* REQUIREMENT *
Would you output the entries below only from the line containing "Proof. by apply: functional_extensionality_dep" through the line containing "Definition finsupp (f", exactly as they stand and with both ends included?

(INPUT FOR THIS TASK begins)

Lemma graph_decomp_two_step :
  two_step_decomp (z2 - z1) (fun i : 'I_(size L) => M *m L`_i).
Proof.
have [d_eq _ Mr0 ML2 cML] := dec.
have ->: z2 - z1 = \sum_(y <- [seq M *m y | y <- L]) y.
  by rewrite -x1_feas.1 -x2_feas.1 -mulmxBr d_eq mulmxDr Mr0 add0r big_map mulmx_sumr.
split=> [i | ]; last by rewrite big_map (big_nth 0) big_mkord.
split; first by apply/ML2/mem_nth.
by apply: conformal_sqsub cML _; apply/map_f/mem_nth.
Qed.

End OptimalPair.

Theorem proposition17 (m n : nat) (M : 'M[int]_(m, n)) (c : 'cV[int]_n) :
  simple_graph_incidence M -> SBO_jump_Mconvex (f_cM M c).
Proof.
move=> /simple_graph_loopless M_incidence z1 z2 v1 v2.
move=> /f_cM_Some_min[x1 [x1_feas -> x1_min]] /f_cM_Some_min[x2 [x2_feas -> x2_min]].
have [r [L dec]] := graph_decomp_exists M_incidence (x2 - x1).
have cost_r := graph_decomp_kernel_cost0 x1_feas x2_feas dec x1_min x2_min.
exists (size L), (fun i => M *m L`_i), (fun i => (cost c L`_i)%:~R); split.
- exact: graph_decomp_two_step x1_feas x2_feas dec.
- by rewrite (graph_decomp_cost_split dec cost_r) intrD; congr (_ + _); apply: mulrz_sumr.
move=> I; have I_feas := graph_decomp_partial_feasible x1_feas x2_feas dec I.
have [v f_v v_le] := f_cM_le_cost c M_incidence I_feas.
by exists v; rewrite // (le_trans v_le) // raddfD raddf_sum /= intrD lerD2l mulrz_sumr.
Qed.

(INPUT FOR THIS TASK ends)
(INPUT FOR THIS TASK begins)

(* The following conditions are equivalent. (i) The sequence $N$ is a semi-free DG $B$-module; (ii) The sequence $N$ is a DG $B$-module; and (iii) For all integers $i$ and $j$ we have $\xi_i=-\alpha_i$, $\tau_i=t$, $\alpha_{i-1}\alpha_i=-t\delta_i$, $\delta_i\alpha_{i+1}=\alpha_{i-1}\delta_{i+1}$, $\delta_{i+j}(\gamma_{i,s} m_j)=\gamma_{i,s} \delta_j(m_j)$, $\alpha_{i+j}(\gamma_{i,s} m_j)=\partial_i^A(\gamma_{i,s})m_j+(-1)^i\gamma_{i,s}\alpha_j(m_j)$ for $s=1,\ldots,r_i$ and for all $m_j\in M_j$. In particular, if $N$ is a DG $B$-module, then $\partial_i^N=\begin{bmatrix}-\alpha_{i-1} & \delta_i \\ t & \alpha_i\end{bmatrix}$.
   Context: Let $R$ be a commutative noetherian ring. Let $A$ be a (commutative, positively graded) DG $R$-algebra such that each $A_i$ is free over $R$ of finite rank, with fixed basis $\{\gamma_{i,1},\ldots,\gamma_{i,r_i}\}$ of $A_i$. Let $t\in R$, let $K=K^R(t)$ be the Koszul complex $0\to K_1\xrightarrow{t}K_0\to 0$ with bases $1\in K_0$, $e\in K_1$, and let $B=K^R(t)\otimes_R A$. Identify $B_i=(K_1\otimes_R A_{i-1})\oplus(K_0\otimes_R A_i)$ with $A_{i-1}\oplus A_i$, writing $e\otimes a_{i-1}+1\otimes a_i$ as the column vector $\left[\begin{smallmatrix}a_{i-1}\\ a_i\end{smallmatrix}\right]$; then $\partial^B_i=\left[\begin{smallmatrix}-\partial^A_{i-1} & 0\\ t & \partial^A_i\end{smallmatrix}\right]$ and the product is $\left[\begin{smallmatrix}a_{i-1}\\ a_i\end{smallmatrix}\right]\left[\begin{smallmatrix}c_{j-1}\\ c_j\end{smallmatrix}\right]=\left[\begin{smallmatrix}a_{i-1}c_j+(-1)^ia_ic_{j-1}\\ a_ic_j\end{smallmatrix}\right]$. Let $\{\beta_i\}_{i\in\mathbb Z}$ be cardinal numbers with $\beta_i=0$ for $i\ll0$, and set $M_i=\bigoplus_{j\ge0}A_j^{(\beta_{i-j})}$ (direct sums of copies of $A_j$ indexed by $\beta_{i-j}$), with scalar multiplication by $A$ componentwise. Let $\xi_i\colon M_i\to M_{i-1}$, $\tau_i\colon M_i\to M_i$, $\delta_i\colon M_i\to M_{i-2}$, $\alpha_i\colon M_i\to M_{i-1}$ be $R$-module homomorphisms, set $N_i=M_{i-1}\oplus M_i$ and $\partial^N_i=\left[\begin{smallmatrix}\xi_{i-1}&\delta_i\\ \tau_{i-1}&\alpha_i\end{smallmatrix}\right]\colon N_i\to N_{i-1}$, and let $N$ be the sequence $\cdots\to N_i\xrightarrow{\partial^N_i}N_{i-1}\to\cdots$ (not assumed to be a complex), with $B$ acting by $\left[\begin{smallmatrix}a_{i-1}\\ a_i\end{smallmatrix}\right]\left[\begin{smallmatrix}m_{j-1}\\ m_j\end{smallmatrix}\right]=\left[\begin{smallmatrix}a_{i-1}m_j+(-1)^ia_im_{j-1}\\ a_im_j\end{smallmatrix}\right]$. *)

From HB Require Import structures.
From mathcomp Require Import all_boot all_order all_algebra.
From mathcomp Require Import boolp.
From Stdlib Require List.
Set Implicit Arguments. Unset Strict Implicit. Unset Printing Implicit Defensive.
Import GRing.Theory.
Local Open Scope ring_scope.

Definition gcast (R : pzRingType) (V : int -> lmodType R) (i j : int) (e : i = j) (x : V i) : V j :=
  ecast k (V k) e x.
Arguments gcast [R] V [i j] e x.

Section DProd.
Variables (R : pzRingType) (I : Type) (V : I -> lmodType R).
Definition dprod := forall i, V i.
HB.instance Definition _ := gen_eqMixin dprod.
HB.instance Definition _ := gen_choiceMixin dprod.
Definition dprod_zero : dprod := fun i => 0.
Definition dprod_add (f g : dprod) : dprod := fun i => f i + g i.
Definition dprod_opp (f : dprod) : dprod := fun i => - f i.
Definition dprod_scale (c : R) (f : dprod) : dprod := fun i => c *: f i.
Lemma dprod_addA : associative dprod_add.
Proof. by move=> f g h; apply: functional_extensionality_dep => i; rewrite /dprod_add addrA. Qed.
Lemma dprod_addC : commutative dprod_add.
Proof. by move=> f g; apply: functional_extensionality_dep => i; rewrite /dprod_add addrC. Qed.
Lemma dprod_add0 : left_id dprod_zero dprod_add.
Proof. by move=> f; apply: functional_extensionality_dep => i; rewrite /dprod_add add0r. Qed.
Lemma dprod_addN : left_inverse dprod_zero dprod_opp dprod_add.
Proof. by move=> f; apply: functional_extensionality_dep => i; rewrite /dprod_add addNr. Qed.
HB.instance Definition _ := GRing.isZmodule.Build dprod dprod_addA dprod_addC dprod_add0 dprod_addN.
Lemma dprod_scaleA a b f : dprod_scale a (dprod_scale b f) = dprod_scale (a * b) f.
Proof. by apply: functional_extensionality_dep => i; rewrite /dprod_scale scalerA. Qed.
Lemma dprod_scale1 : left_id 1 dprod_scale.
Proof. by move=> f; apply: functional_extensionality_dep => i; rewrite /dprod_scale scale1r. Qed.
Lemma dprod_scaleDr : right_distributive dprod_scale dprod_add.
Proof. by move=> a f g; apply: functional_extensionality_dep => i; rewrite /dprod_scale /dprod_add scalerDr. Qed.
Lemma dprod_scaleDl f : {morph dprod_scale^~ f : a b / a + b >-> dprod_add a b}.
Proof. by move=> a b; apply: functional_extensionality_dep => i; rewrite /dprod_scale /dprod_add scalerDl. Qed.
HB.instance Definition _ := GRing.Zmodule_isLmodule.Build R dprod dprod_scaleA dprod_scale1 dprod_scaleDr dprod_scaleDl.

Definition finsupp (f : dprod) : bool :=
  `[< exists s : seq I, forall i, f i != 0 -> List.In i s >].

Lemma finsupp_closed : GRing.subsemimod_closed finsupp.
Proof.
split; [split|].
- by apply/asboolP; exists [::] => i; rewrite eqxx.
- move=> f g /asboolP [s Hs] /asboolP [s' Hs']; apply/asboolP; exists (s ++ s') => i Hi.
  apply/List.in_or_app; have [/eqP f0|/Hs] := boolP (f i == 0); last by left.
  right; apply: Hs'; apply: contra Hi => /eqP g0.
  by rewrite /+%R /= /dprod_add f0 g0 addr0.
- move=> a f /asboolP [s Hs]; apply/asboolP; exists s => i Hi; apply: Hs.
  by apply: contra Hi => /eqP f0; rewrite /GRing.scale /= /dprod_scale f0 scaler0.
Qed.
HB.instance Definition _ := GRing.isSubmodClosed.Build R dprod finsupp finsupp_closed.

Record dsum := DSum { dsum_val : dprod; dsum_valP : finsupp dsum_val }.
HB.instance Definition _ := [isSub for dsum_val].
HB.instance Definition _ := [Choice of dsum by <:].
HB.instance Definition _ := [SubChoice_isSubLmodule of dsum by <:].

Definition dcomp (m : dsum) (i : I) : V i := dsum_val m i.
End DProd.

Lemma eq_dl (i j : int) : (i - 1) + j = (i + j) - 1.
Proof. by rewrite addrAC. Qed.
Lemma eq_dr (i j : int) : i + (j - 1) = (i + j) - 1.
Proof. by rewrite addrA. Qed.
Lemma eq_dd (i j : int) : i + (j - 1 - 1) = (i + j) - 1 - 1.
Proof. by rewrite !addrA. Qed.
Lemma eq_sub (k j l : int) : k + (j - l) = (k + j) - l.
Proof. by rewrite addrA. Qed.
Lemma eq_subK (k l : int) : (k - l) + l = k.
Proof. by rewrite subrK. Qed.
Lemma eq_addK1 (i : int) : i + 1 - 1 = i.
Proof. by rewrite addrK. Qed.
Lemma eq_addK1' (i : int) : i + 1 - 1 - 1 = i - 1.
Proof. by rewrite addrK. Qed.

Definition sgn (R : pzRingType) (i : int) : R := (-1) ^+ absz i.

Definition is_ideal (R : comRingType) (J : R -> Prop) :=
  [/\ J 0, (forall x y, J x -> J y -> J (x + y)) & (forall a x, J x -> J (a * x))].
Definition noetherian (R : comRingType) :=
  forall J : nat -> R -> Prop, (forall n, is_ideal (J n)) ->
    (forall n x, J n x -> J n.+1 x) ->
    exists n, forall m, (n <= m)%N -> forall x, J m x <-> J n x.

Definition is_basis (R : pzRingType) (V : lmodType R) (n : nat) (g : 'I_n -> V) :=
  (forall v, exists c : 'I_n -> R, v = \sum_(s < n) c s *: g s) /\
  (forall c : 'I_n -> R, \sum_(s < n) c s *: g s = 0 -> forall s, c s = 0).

(INPUT FOR THIS TASK ends)

* RESULT BELOW *
Proof. by apply: functional_extensionality_dep => i; rewrite /dprod_scale scalerA. Qed.
Lemma dprod_scale1 : left_id 1 dprod_scale.
Proof. by move=> f; apply: functional_extensionality_dep => i; rewrite /dprod_scale scale1r. Qed.
Lemma dprod_scaleDr : right_distributive dprod_scale dprod_add.
Proof. by move=> a f g; apply: functional_extensionality_dep => i; rewrite /dprod_scale /dprod_add scalerDr. Qed.
Lemma dprod_scaleDl f : {morph dprod_scale^~ f : a b / a + b >-> dprod_add a b}.
Proof. by move=> a b; apply: functional_extensionality_dep => i; rewrite /dprod_scale /dprod_add scalerDl. Qed.
HB.instance Definition _ := GRing.Zmodule_isLmodule.Build R dprod dprod_scaleA dprod_scale1 dprod_scaleDr dprod_scaleDl.

Definition finsupp (f : dprod) : bool :=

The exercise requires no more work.